____ DATA SHOWN

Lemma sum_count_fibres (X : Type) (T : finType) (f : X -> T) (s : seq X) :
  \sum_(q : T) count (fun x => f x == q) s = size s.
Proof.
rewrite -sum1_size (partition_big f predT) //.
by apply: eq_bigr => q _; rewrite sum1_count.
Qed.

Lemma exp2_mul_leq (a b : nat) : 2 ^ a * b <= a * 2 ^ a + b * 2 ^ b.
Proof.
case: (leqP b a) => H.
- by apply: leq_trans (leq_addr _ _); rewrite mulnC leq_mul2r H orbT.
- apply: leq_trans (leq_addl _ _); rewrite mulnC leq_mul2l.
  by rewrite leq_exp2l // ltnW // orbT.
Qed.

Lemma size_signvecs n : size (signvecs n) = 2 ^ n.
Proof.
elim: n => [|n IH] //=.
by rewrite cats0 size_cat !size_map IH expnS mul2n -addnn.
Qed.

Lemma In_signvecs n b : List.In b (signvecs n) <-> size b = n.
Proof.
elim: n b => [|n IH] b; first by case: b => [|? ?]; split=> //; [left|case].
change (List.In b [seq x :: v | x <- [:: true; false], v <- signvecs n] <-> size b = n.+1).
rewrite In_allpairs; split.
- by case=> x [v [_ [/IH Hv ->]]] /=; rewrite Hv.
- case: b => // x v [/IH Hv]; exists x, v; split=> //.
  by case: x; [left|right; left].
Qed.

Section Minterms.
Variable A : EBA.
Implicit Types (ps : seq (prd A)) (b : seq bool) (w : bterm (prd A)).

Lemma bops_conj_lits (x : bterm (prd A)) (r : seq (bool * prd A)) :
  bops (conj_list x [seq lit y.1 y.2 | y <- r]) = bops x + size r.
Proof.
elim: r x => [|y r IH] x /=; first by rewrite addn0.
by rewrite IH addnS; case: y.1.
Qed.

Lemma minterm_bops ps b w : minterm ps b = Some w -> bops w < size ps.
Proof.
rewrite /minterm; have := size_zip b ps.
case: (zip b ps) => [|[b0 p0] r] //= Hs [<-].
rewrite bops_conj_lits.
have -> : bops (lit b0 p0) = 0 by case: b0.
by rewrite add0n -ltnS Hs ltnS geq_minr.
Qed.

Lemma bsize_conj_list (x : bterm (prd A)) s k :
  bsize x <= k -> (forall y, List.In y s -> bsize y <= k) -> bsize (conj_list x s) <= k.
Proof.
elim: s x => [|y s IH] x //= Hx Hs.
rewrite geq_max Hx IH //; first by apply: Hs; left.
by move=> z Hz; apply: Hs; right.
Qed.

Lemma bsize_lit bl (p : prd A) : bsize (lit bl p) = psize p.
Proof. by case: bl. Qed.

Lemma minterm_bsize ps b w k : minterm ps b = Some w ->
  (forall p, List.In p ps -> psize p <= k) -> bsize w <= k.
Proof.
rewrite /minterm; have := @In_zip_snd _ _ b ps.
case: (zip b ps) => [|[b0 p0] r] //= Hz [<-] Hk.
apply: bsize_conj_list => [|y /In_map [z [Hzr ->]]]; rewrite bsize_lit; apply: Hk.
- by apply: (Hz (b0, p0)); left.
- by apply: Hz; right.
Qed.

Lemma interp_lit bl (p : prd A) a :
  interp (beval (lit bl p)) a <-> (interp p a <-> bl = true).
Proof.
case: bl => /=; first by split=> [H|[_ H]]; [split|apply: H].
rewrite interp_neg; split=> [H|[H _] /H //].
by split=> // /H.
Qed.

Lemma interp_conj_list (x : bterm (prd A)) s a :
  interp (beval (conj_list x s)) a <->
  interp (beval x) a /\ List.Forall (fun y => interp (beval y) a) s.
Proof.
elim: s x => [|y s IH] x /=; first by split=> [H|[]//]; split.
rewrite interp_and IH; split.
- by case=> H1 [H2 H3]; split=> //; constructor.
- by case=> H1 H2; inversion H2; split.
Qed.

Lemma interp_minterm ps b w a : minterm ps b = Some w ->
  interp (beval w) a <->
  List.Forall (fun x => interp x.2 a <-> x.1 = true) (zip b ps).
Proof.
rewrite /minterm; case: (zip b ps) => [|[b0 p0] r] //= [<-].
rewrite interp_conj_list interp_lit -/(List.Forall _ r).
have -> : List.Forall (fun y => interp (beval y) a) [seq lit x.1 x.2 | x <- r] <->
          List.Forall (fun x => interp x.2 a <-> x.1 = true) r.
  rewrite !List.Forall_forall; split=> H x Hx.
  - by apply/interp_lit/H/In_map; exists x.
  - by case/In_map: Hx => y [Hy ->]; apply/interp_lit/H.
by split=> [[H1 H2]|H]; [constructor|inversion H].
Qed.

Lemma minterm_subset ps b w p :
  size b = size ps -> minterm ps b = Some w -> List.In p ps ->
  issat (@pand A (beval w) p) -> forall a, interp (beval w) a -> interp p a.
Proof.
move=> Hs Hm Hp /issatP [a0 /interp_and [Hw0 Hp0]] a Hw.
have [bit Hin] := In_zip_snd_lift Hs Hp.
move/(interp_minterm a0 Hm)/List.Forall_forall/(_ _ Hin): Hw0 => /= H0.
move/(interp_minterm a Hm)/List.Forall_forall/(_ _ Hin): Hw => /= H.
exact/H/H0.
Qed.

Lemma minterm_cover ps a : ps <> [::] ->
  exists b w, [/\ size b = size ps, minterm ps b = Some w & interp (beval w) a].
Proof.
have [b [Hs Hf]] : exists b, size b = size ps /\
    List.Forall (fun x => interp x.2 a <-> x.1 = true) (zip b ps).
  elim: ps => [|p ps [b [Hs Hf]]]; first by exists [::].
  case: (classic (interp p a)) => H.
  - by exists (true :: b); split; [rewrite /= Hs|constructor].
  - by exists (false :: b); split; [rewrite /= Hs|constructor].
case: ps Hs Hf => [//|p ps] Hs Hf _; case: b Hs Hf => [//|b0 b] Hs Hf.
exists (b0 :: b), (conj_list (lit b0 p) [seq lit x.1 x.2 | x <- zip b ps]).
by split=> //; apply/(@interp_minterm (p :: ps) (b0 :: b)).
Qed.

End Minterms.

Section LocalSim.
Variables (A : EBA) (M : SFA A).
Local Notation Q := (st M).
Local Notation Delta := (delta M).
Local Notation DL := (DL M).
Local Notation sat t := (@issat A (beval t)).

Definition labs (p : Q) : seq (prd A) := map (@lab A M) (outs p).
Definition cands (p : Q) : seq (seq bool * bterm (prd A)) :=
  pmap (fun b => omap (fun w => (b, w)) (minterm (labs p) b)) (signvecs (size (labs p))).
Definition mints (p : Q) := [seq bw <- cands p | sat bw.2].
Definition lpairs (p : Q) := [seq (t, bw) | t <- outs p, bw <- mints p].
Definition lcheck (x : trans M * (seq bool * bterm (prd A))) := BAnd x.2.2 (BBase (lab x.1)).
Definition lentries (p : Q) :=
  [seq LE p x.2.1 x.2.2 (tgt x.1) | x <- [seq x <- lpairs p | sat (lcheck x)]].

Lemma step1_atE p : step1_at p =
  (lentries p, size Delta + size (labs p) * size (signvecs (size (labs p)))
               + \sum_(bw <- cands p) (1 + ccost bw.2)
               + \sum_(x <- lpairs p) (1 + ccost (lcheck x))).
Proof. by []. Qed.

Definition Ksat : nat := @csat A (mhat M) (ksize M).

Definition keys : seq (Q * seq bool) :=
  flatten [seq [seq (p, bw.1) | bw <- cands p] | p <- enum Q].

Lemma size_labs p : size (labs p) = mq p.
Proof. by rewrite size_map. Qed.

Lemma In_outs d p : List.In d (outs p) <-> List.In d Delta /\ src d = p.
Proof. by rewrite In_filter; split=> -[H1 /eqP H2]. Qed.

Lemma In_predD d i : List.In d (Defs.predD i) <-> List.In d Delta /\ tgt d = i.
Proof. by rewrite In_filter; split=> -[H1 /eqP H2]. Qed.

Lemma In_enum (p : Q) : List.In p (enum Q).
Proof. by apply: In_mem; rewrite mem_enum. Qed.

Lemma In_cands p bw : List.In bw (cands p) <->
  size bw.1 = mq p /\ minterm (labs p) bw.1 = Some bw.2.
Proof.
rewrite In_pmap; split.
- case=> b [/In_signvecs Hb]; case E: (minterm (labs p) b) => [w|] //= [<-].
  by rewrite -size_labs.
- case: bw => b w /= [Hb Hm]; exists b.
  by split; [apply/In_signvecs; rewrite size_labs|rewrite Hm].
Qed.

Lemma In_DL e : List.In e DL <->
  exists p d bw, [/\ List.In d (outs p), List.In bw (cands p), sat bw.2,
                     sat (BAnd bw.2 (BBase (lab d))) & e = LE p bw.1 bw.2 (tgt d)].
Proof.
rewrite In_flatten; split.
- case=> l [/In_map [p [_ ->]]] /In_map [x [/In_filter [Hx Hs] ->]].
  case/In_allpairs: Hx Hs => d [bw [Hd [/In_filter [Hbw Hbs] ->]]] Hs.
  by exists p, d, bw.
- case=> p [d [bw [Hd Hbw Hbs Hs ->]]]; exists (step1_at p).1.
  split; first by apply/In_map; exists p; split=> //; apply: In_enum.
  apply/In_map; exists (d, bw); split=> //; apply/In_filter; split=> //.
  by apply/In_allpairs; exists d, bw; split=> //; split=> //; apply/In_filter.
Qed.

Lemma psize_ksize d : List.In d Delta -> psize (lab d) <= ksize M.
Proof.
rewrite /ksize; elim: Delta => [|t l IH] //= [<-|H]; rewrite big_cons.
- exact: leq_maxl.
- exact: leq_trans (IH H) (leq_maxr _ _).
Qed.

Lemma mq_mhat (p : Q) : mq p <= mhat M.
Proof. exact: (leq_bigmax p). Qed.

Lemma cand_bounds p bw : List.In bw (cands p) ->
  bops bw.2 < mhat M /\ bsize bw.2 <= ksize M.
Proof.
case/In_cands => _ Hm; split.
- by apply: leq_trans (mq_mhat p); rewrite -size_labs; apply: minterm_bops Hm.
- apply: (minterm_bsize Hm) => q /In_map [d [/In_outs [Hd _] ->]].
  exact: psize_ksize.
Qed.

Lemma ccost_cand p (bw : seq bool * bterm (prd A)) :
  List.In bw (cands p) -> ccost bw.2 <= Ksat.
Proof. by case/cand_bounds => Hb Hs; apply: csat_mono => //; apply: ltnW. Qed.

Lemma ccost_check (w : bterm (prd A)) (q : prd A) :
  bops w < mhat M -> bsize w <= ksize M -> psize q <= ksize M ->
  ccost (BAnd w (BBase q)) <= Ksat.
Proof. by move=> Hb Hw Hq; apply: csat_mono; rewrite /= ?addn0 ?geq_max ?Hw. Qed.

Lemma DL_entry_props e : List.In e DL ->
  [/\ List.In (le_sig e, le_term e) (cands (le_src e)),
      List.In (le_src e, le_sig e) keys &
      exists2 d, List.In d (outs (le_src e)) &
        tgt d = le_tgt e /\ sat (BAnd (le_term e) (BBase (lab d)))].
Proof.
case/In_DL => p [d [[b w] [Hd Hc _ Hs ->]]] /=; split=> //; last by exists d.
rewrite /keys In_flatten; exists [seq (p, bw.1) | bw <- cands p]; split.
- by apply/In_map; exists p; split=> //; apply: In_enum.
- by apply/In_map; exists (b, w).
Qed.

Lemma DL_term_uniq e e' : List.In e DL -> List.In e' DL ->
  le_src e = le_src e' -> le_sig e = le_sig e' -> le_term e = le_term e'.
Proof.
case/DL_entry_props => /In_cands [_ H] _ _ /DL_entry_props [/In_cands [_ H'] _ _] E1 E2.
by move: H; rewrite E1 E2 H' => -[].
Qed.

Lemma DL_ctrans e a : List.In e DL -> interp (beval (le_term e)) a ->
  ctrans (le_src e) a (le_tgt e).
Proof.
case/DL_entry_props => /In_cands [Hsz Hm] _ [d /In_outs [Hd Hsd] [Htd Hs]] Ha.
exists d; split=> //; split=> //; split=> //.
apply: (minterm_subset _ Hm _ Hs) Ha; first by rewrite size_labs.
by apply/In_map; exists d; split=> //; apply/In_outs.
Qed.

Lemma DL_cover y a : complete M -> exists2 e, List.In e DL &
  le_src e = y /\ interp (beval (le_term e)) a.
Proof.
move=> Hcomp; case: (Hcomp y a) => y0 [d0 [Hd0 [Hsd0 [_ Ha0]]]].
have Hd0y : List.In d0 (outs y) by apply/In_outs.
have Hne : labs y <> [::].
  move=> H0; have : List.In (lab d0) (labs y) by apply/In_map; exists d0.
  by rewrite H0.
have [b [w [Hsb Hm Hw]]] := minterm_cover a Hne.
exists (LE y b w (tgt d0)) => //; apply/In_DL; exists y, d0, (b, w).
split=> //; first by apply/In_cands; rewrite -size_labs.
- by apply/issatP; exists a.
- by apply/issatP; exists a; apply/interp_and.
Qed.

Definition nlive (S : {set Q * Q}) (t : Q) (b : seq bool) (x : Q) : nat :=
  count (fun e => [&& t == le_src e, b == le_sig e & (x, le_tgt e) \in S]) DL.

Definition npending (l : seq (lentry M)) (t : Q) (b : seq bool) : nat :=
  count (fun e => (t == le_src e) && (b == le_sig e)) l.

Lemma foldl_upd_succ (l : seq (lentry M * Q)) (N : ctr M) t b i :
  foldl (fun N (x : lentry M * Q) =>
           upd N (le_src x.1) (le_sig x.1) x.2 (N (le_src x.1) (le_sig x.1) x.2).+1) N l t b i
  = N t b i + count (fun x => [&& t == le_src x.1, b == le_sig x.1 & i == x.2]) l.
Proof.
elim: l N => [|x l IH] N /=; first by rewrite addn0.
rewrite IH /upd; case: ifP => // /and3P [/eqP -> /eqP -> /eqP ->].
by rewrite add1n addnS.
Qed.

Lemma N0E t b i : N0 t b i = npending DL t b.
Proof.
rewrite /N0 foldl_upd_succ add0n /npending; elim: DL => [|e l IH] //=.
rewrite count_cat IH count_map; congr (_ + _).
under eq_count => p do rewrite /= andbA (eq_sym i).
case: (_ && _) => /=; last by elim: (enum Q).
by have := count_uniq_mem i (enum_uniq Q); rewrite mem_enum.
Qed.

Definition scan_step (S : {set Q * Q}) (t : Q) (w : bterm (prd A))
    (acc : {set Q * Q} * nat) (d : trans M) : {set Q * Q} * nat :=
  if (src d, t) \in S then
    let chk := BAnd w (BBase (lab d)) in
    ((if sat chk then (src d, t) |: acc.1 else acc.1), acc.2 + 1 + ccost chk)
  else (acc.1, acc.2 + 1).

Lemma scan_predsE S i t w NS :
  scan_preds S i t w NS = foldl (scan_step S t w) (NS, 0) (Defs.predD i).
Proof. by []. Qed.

________

-- YOUR OBJECTIVE --
Everything starting at the line containing "bsize x <= k" and ending at the line containing "Lemma minterm_bsize ps" in the records above should be repeated exactly, and only that.

-- RESPONSE --
  bsize x <= k -> (forall y, List.In y s -> bsize y <= k) -> bsize (conj_list x s) <= k.
Proof.
elim: s x => [|y s IH] x //= Hx Hs.
rewrite geq_max Hx IH //; first by apply: Hs; left.
by move=> z Hz; apply: Hs; right.
Qed.

Lemma bsize_lit bl (p : prd A) : bsize (lit bl p) = psize p.
Proof. by case: bl. Qed.

Lemma minterm_bsize ps b w k : minterm ps b = Some w ->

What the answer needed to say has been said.